# Galaxy Tab 10.1 Freeze Issues



## bretth18 (Jun 13, 2011)

Hi my tablet is unrooted, it freezes up all the time, the bottom bar looses function all the time and these things are very annoying. Data has been wiped, issues still occur. Any ideas?


----------



## freddy0872 (Aug 8, 2011)

bretth18 said:


> Hi my tablet is unrooted, it freezes up all the time, the bottom bar looses function all the time and these things are very annoying. Data has been wiped, issues still occur. Any ideas?


Have you tried tasks rom? I had that issue as well. I ran stock for about 2 days and hated it. Jumped onto his rom and have been loving it ever since!

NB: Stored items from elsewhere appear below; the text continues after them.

(* For $\lambda>0$ and $\eta=(\sqrt{1/4+\lambda}-1/2)^{1/2}$, $$\sup_{x,y\in\mathbf{R}^3}|R_0^\pm(\lambda;x,y)|\lesssim\frac{\eta+\sqrt{1+\eta^2}}{1+2\eta^2},\qquad \sup_{x,y\in\mathbf{R}^3}\Big|\frac{d}{d\eta}R_0^\pm(\lambda;x,y)\Big|\lesssim\frac{1}{1+2\eta^2}.$$
   Context: $R_0^\pm(\lambda;x,y)$ is the kernel of $\lim_{\epsilon\downarrow0}(\Delta^2-\Delta-(\lambda\pm i\epsilon))^{-1}$ on $\mathbf{R}^3$: $R_0^\pm(\lambda;x,y)=\frac{1}{1+2\eta^2}\Big(\frac{e^{\pm i\eta|x-y|}}{4\pi|x-y|}-\frac{e^{-\sqrt{1+\eta^2}|x-y|}}{4\pi|x-y|}\Big)$, viewed as a function of $\eta$. *)

From Stdlib Require Import Reals.
From Coquelicot Require Import Coquelicot.
Open Scope R_scope.

Definition R3 := (R * R * R)%type.

Definition dist3 (x y : R3) : R :=
  let '(x1, x2, x3) := x in let '(y1, y2, y3) := y in
  sqrt ((x1 - y1)^2 + (x2 - y2)^2 + (x3 - y3)^2).

Definition expi (t : R) : C := (cos t, sin t).

(* Sign: pm = true is R_0^+, pm = false is R_0^- *)
Definition sgn (pm : bool) : R := if pm then 1 else -1.

(* The kernel R_0^{pm}(lambda; x, y) as a function of eta:
     1/(1+2 eta^2) * ( e^{pm i eta r}/(4 pi r) - e^{-sqrt(1+eta^2) r}/(4 pi r) ),
   r = |x-y|.  On the diagonal r = 0 it is given its continuous extension
     (sqrt(1+eta^2) pm i eta) / (4 pi (1+2 eta^2)). *)
Definition R0res (pm : bool) (eta : R) (x y : R3) : C :=
  let r := dist3 x y in
  let s := sgn pm in
  if Req_EM_T r 0 then
    Cdiv (Cplus (RtoC (sqrt (1 + eta^2))) (0, s * eta)) (RtoC (4 * PI * (1 + 2 * eta^2)))
  else
    Cmult (RtoC (/ (1 + 2 * eta^2)))
      (Cminus (Cdiv (expi (s * eta * r)) (RtoC (4 * PI * r)))
              (Cdiv (RtoC (exp (- sqrt (1 + eta^2) * r))) (RtoC (4 * PI * r)))).

Definition eta_of (lam : R) : R := sqrt (sqrt (1/4 + lam) - 1/2).

From Stdlib Require Import Reals Lra.
From Coquelicot Require Import Coquelicot.
Open Scope R_scope.

(* R_0^± = (1 + 2 η^2)^{-1} G(η), where G is the difference of the
   Helmholtz kernel e^{±iηr}/(4πr) and the Yukawa kernel e^{-√(1+η^2) r}/(4πr).
   Both exponentials differ from 1 by at most their exponent times r, so the 1/r
   singularity cancels: |G| ≤ (η + √(1+η^2))/(4π) and |∂_η G| ≤ 2/(4π),
   uniformly in r.  The product rule and η (η + √(1+η^2)) ≤ 1 + 2 η^2 then give
   both bounds. *)

Lemma Rabs_sin_le t : Rabs (sin t) <= Rabs t.
Proof.
  replace (sin t) with (sin t - sin 0) by (rewrite sin_0; ring).
  replace (Rabs t) with (1 * Rabs (t - 0)) by (rewrite Rminus_0_r; ring).
  apply bounded_variation with (dh := cos).
  intros u _; split; [apply is_derive_sin |].
  apply Rabs_le; pose proof (COS_bound u); lra.
Qed.

Lemma exp_neg_le_1 x : 0 <= x -> exp (- x) <= 1.
Proof.
  intros Hx.
  pose proof (exp_ineq1_le x); pose proof (exp_pos (- x)).
  assert (exp (- x) * exp x = 1) by (rewrite <- exp_plus, Rplus_opp_l; apply exp_0).
  nra.
Qed.

Lemma Rabs_1_sub_exp_neg_le x : 0 <= x -> Rabs (1 - exp (- x)) <= x.
Proof.
  intros Hx.
  pose proof (exp_ineq1_le (- x)); pose proof (exp_neg_le_1 x Hx).
  rewrite Rabs_pos_eq; lra.
Qed.

Lemma Cmod_pair_le a b : Cmod (a, b) <= Rabs a + Rabs b.
Proof.
  pose proof (Rabs_pos a); pose proof (Rabs_pos b).
  unfold Cmod; simpl.
  rewrite <- (sqrt_pow2 (Rabs a + Rabs b)) by lra.
  apply sqrt_le_1_alt.
  rewrite <- (pow2_abs a) at 1; rewrite <- (pow2_abs b) at 1; nra.
Qed.

Lemma scal_RtoC (a : R) (z : C) : scal (V := C_R_ModuleSpace) a z = (RtoC a * z)%C.
Proof.
  destruct z as [u v]; apply injective_projections; simpl;
    [change (a * u = a * u - 0 * v) | change (a * v = a * v + 0 * u)]; ring.
Qed.

Lemma Cmod_scal (a : R) (z : C) : Cmod (scal (V := C_R_ModuleSpace) a z) = Rabs a * Cmod z.
Proof. now rewrite scal_RtoC, Cmod_mult, Cmod_R. Qed.

Lemma Cmod_expi t : Cmod (expi t) = 1.
Proof.
  unfold Cmod, expi; cbn [fst snd].
  replace (cos t ^ 2 + sin t ^ 2) with 1 by (rewrite <- (sin2_cos2 t); unfold Rsqr; ring).
  apply sqrt_1.
Qed.

Lemma Cmod_expi_sub_1 t : Cmod (expi t - 1) <= Rabs t.
Proof.
  (* |e^{it} - 1|^2 = 2 - 2 cos t = 4 sin^2 (t/2) *)
  assert (Hhalf : cos t = 1 - 2 * sin (t / 2) ^ 2).
  { replace t with (2 * (t / 2)) at 1 by field.
    rewrite cos_2a_sin; ring. }
  assert (Hsin : sin (t / 2) ^ 2 <= (t / 2) ^ 2).
  { rewrite <- (pow2_abs (sin _)), <- (pow2_abs (t / 2)).
    pose proof (Rabs_sin_le (t / 2)); pose proof (Rabs_pos (sin (t / 2))); nra. }
  assert (Hsq : (cos t + - 1) ^ 2 + (sin t + - 0) ^ 2 <= t ^ 2).
  { pose proof (sin2_cos2 t); unfold Rsqr in *; nra. }
  unfold Cmod.
  rewrite <- (sqrt_pow2 (Rabs t)) by apply Rabs_pos.
  apply sqrt_le_1_alt.
  rewrite pow2_abs.
  exact Hsq.
Qed.

Lemma Rabs_div_sqrt_1_sq_le e : Rabs (e / sqrt (1 + e ^ 2)) <= 1.
Proof.
  assert (Hb : 0 < sqrt (1 + e ^ 2)) by (apply sqrt_lt_R0; nra).
  assert (Heb : Rabs e <= sqrt (1 + e ^ 2)).
  { rewrite <- (sqrt_pow2 (Rabs e)) by apply Rabs_pos.
    apply sqrt_le_1_alt; rewrite pow2_abs; lra. }
  rewrite Rabs_div, (Rabs_pos_eq (sqrt _)) by lra.
  apply Rle_div_l; lra.
Qed.

Lemma is_derive_scal_fct {V : NormedModule R_AbsRing} (f : R -> R) (g : R -> V) x df dg :
  is_derive f x df -> is_derive g x dg ->
  is_derive (fun t => scal (f t) (g t)) x (plus (scal df (g x)) (scal (f x) dg)).
Proof.
  intros Hf Hg.
  eapply filterdiff_ext_lin.
  - exact (filterdiff_scal_fct x f g _ _ Rmult_comm Hf Hg).
  - intros y; cbn.
    rewrite scal_distr_l, !scal_assoc.
    f_equal; f_equal; unfold mult; cbn; ring.
Qed.

Lemma is_derive_scal_r {V : NormedModule R_AbsRing} (k : R) (g : R -> V) x dg :
  is_derive g x dg -> is_derive (fun t => scal k (g t)) x (scal k dg).
Proof.
  intros Hg.
  eapply filterdiff_ext_lin.
  - exact (filterdiff_scal_r_fct k g _ Rmult_comm Hg).
  - intros y; cbn.
    rewrite !scal_assoc.
    f_equal; unfold mult; cbn; ring.
Qed.

Lemma is_derive_pair (u v : R -> R) x du dv :
  is_derive u x du -> is_derive v x dv ->
  is_derive (fun t => (u t, v t) : C) x ((du, dv) : C).
Proof.
  intros Hu Hv.
  pose proof (is_derive_plus _ _ x _ _
    (is_derive_scal_l (V := C_R_NormedModule) u x du ((1, 0) : C) Hu)
    (is_derive_scal_l (V := C_R_NormedModule) v x dv ((0, 1) : C) Hv)) as H.
  assert (Hbasis : forall a b : R, plus (scal a ((1, 0) : C)) (scal b ((0, 1) : C)) = ((a, b) : C)).
  { intros a b; apply injective_projections; cbn;
      [change (a * 1 + b * 0 = a) | change (a * 0 + b * 1 = b)]; ring. }
  rewrite Hbasis in H.
  exact (is_derive_ext _ _ x _ (fun t => Hbasis (u t) (v t)) H).
Qed.

Lemma is_derive_expi t : is_derive expi t (Ci * expi t)%C.
Proof.
  replace (Ci * expi t)%C with ((- sin t, cos t) : C)
    by (apply injective_projections; cbn; ring).
  exact (is_derive_pair cos sin t _ _ (is_derive_cos t) (is_derive_sin t)).
Qed.

Lemma is_derive_RtoC (f : R -> R) x df :
  is_derive f x df -> is_derive (fun t => RtoC (f t)) x (RtoC df).
Proof. intros Hf; exact (is_derive_pair f (fun _ => 0) x _ _ Hf (is_derive_const 0 x)). Qed.


Lemma is_derive_sqrt_1_sq e : is_derive (fun t => sqrt (1 + t ^ 2)) e (e / sqrt (1 + e ^ 2)).
Proof.
  assert (0 < 1 + e ^ 2) by nra.
  auto_derive; [lra |].
  replace (1 + e * (e * 1)) with (1 + e ^ 2) by ring.
  field; apply Rgt_not_eq, sqrt_lt_R0; lra.
Qed.

Lemma is_derive_yukawa_exp r e :
  is_derive (fun t => exp (- sqrt (1 + t ^ 2) * r)) e
    (- (e / sqrt (1 + e ^ 2)) * r * exp (- sqrt (1 + e ^ 2) * r)).
Proof.
  assert (0 < 1 + e ^ 2) by nra.
  auto_derive; [lra |].
  replace (1 + e * (e * 1)) with (1 + e ^ 2) by ring.
  field; apply Rgt_not_eq, sqrt_lt_R0; lra.
Qed.

Lemma is_derive_inv_1_2sq e :
  is_derive (fun t => / (1 + 2 * t ^ 2)) e (- (4 * e) / (1 + 2 * e ^ 2) ^ 2).
Proof.
  assert (0 < 1 + 2 * e ^ 2) by nra.
  auto_derive; [lra |].
  field; lra.
Qed.

Lemma dist3_nonneg x y : 0 <= dist3 x y.
Proof. destruct x as [[x1 x2] x3], y as [[y1 y2] y3]; apply sqrt_pos. Qed.

Lemma Rabs_sgn pm : Rabs (sgn pm) = 1.
Proof. destruct pm; cbn; [apply Rabs_R1 | rewrite Rabs_left; lra]. Qed.

Definition helmholtz_minus_yukawa (s r e : R) : C :=
  if Req_EM_T r 0 then scal (/ (4 * PI)) ((sqrt (1 + e ^ 2), s * e) : C)
  else scal (/ (4 * PI * r)) (expi (s * e * r) - RtoC (exp (- sqrt (1 + e ^ 2) * r)))%C.

Lemma R0res_scal pm e x y :
  R0res pm e x y = scal (/ (1 + 2 * e ^ 2)) (helmholtz_minus_yukawa (sgn pm) (dist3 x y) e).
Proof.
  pose proof PI_RGT_0.
  assert (0 < 1 + 2 * e ^ 2) by nra.
  unfold R0res, helmholtz_minus_yukawa; cbv zeta.
  destruct (Req_EM_T (dist3 x y) 0) as [_ | Hr]; rewrite !scal_RtoC;
    apply injective_projections; cbn; field; lra.
Qed.

Lemma Cmod_helmholtz_minus_yukawa_le s r e : Rabs s = 1 -> 0 <= r -> 0 <= e ->
  Cmod (helmholtz_minus_yukawa s r e) <= / (4 * PI) * (e + sqrt (1 + e ^ 2)).
Proof.
  intros Hs Hr He.
  pose proof PI_RGT_0.
  assert (Hb : 0 < sqrt (1 + e ^ 2)) by (apply sqrt_lt_R0; nra).
  unfold helmholtz_minus_yukawa; destruct (Req_EM_T r 0) as [_ | Hr0]; rewrite Cmod_scal.
  - rewrite Rabs_pos_eq by (left; apply Rinv_0_lt_compat; lra).
    apply Rmult_le_compat_l; [left; apply Rinv_0_lt_compat; lra |].
    eapply Rle_trans; [apply Cmod_pair_le |].
    rewrite Rabs_mult, Hs, !Rabs_pos_eq; lra.
  - assert (Hr' : 0 < r) by lra.
    assert (Hdiff : Cmod (expi (s * e * r) - RtoC (exp (- sqrt (1 + e ^ 2) * r)))
                    <= (e + sqrt (1 + e ^ 2)) * r).
    { replace (expi (s * e * r) - RtoC (exp (- sqrt (1 + e ^ 2) * r)))%C
        with ((expi (s * e * r) - 1) + RtoC (1 - exp (- (sqrt (1 + e ^ 2) * r))))%C
        by (rewrite RtoC_minus, Ropp_mult_distr_l; ring).
      eapply Rle_trans; [apply Cmod_triangle |].
      rewrite Cmod_R.
      pose proof (Cmod_expi_sub_1 (s * e * r)).
      pose proof (Rabs_1_sub_exp_neg_le (sqrt (1 + e ^ 2) * r) ltac:(nra)).
      rewrite !Rabs_mult, Hs, (Rabs_pos_eq e), (Rabs_pos_eq r) in * by lra.
      nra. }
    rewrite Rabs_pos_eq by (left; apply Rinv_0_lt_compat; nra).
    replace (/ (4 * PI) * (e + sqrt (1 + e ^ 2)))
      with (/ (4 * PI * r) * ((e + sqrt (1 + e ^ 2)) * r)) by (field; lra).
    apply Rmult_le_compat_l; [left; apply Rinv_0_lt_compat; nra | exact Hdiff].
Qed.

Lemma is_derive_helmholtz_minus_yukawa_bounded s r e : Rabs s = 1 -> 0 <= r ->
  exists d, is_derive (helmholtz_minus_yukawa s r) e d /\ Cmod d <= 2 / (4 * PI).
Proof.
  intros Hs Hr.
  pose proof PI_RGT_0.
  pose proof (Rabs_div_sqrt_1_sq_le e) as Hq.
  unfold helmholtz_minus_yukawa; destruct (Req_EM_T r 0) as [_ | Hr0].
  - exists (scal (/ (4 * PI)) ((e / sqrt (1 + e ^ 2), s) : C)); split.
    + apply (is_derive_scal_r (V := C_R_NormedModule)), is_derive_pair;
        [apply is_derive_sqrt_1_sq | auto_derive; auto; ring].
    + rewrite Cmod_scal, Rabs_pos_eq by (left; apply Rinv_0_lt_compat; lra).
      pose proof (Cmod_pair_le (e / sqrt (1 + e ^ 2)) s).
      unfold Rdiv; rewrite (Rmult_comm 2).
      apply Rmult_le_compat_l; [left; apply Rinv_0_lt_compat |]; lra.
  - assert (Hr' : 0 < r) by lra.
    set (E := exp (- sqrt (1 + e ^ 2) * r)).
    assert (HE : 0 < E <= 1).
    { split; [apply exp_pos |].
      unfold E; rewrite <- Ropp_mult_distr_l.
      apply exp_neg_le_1, Rmult_le_pos; [apply sqrt_pos | lra]. }
    exists (scal (/ (4 * PI * r))
              (minus (scal (s * r) (Ci * expi (s * e * r))%C)
                     (RtoC (- (e / sqrt (1 + e ^ 2)) * r * E)))); split.
    + apply (is_derive_scal_r (V := C_R_NormedModule)).
      apply (is_derive_minus (V := C_R_NormedModule)).
      * apply (is_derive_comp expi (fun t => s * t * r)); [apply is_derive_expi |].
        auto_derive; auto; ring.
      * apply is_derive_RtoC, is_derive_yukawa_exp.
    + change (minus ?a ?b) with (a - b)%C.
      assert (Hderiv : Cmod (scal (s * r) (Ci * expi (s * e * r))%C
                             - RtoC (- (e / sqrt (1 + e ^ 2)) * r * E)) <= 2 * r).
      { unfold Cminus; eapply Rle_trans; [apply Cmod_triangle |].
        rewrite Cmod_opp, Cmod_scal, Cmod_mult, Cmod_Ci, Cmod_expi, Cmod_R.
        rewrite !Rabs_mult, Rabs_Ropp, Hs, (Rabs_pos_eq r), (Rabs_pos_eq E) by lra.
        pose proof (Rabs_pos (e / sqrt (1 + e ^ 2))).
        assert (Rabs (e / sqrt (1 + e ^ 2)) * E <= 1) by nra.
        nra. }
      rewrite Cmod_scal, Rabs_pos_eq by (left; apply Rinv_0_lt_compat; nra).
      replace (2 / (4 * PI)) with (/ (4 * PI * r) * (2 * r)) by (field; lra).
      apply Rmult_le_compat_l; [left; apply Rinv_0_lt_compat; nra | exact Hderiv].
Qed.

Lemma scal_inv_1_2sq_bounds (g : R -> C) e g' c c' :
  0 <= e -> is_derive g e g' ->
  Cmod (g e) <= c * (e + sqrt (1 + e ^ 2)) -> Cmod g' <= c' ->
  Cmod (scal (/ (1 + 2 * e ^ 2)) (g e))
    <= (4 * c + c') * ((e + sqrt (1 + e ^ 2)) / (1 + 2 * e ^ 2)) /\
  exists d, is_derive (fun t => scal (/ (1 + 2 * t ^ 2)) (g t)) e d /\
            Cmod d <= (4 * c + c') * (1 / (1 + 2 * e ^ 2)).
Proof.
  intros He Hg Hge Hg'.
  set (m := sqrt (1 + e ^ 2)) in Hge |- *.
  set (D := 1 + 2 * e ^ 2).
  assert (Hm2 : m ^ 2 = 1 + e ^ 2) by (apply pow2_sqrt; nra).
  assert (Hm : 1 <= m) by (pose proof (sqrt_pos (1 + e ^ 2)) as Hm0; fold m in Hm0; nra).
  assert (Hc : 0 <= c) by (pose proof (Cmod_ge_0 (g e)); nra).
  assert (Hc' : 0 <= c') by (pose proof (Cmod_ge_0 g'); lra).
  assert (HD : 1 <= D) by (unfold D; nra).
  assert (HiD : 0 < / D) by (apply Rinv_0_lt_compat; lra).
  (* e m <= m^2 = 1 + e^2 *)
  assert (Hgrowth : e * (e + m) <= D) by (unfold D; nra).
  split.
  - rewrite Cmod_scal, Rabs_pos_eq by lra; fold D.
    replace ((4 * c + c') * ((e + m) / D)) with (/ D * ((4 * c + c') * (e + m)))
      by (unfold Rdiv; ring).
    apply Rmult_le_compat_l; [lra |].
    eapply Rle_trans; [exact Hge |].
    apply Rmult_le_compat_r; lra.
  - eexists; split.
    + exact (is_derive_scal_fct _ g e _ _ (is_derive_inv_1_2sq e) Hg).
    + change (plus ?u ?v) with (u + v)%C.
      eapply Rle_trans; [apply Cmod_triangle |].
      rewrite !Cmod_scal, Rabs_div, Rabs_Ropp, !Rabs_pos_eq by (fold D; nra).
      fold D.
      assert (Hfirst : 4 * e / D ^ 2 * Cmod (g e) <= 4 * c * / D).
      { assert (e * Cmod (g e) <= c * D) by nra.
        replace (4 * e / D ^ 2 * Cmod (g e)) with (4 * (e * Cmod (g e)) * / D * / D)
          by (field; lra).
        replace (4 * c) with (4 * (c * D) * / D) by (field; lra).
        apply Rmult_le_compat_r, Rmult_le_compat_r; lra. }
      assert (Hsecond : / D * Cmod g' <= c' * / D) by nra.
      unfold Rdiv; lra.
Qed.

Theorem lemma4p1 :
  exists K : R, 0 < K /\
  forall (pm : bool) (lam : R), 0 < lam ->
  let eta := eta_of lam in
  forall x y : R3,
    Cmod (R0res pm eta x y) <= K * ((eta + sqrt (1 + eta^2)) / (1 + 2 * eta^2)) /\
    exists d : C, is_derive (fun e : R => R0res pm e x y) eta d /\
                  Cmod d <= K * (1 / (1 + 2 * eta^2)).
Proof.
  pose proof PI_RGT_0.
  set (c := / (4 * PI)).
  assert (Hc : 0 < c) by (apply Rinv_0_lt_compat; lra).
  exists (4 * c + 2 * c); split; [lra |].
  intros pm lam _ eta x y.
  assert (He : 0 <= eta) by apply sqrt_pos.
  pose proof (Cmod_helmholtz_minus_yukawa_le _ _ _ (Rabs_sgn pm) (dist3_nonneg x y) He) as Hg.
  destruct (is_derive_helmholtz_minus_yukawa_bounded (sgn pm) (dist3 x y) eta
              (Rabs_sgn pm) (dist3_nonneg x y)) as [g' [Hdg Hg']].
  destruct (scal_inv_1_2sq_bounds _ _ _ c (2 * c) He Hdg Hg Hg') as [Hval [d [Hd Hdb]]].
  split.
  - rewrite R0res_scal; exact Hval.
  - exists d; split; [| exact Hdb].
    exact (is_derive_ext _ _ eta d (fun t => eq_sym (R0res_scal pm t x y)) Hd).
Qed.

also is it just occuring during certain apps? I noticed the "mydlink" app makes mine freeze from time to time. Simple power button reset fixes that tho lol


----------



## bretth18 (Jun 13, 2011)

freddy0872 said:


> Have you tried tasks rom? I had that issue as well. I ran stock for about 2 days and hated it. Jumped onto his rom and have been loving it ever since!
> 
> 
> 
> ...


I'm a huge fan of rooting and roms, but I'm not sure if I want to loose my access to google videos. I may have to wait until ICS is released or CM9


----------



## freddy0872 (Aug 8, 2011)

bretth18 said:


> I'm a huge fan of rooting and roms, but I'm not sure if I want to loose my access to google videos. I may have to wait until ICS is released or CM9


Any approximate eta for those?


----------



## bretth18 (Jun 13, 2011)

freddy0872 said:


> Any approximate eta for those?


Never really know with OTA's but I would expect cm9 very soon


----------



## freddy0872 (Aug 8, 2011)

bretth18 said:


> Never really know with OTA's but I would expect cm9 very soon


Awesome!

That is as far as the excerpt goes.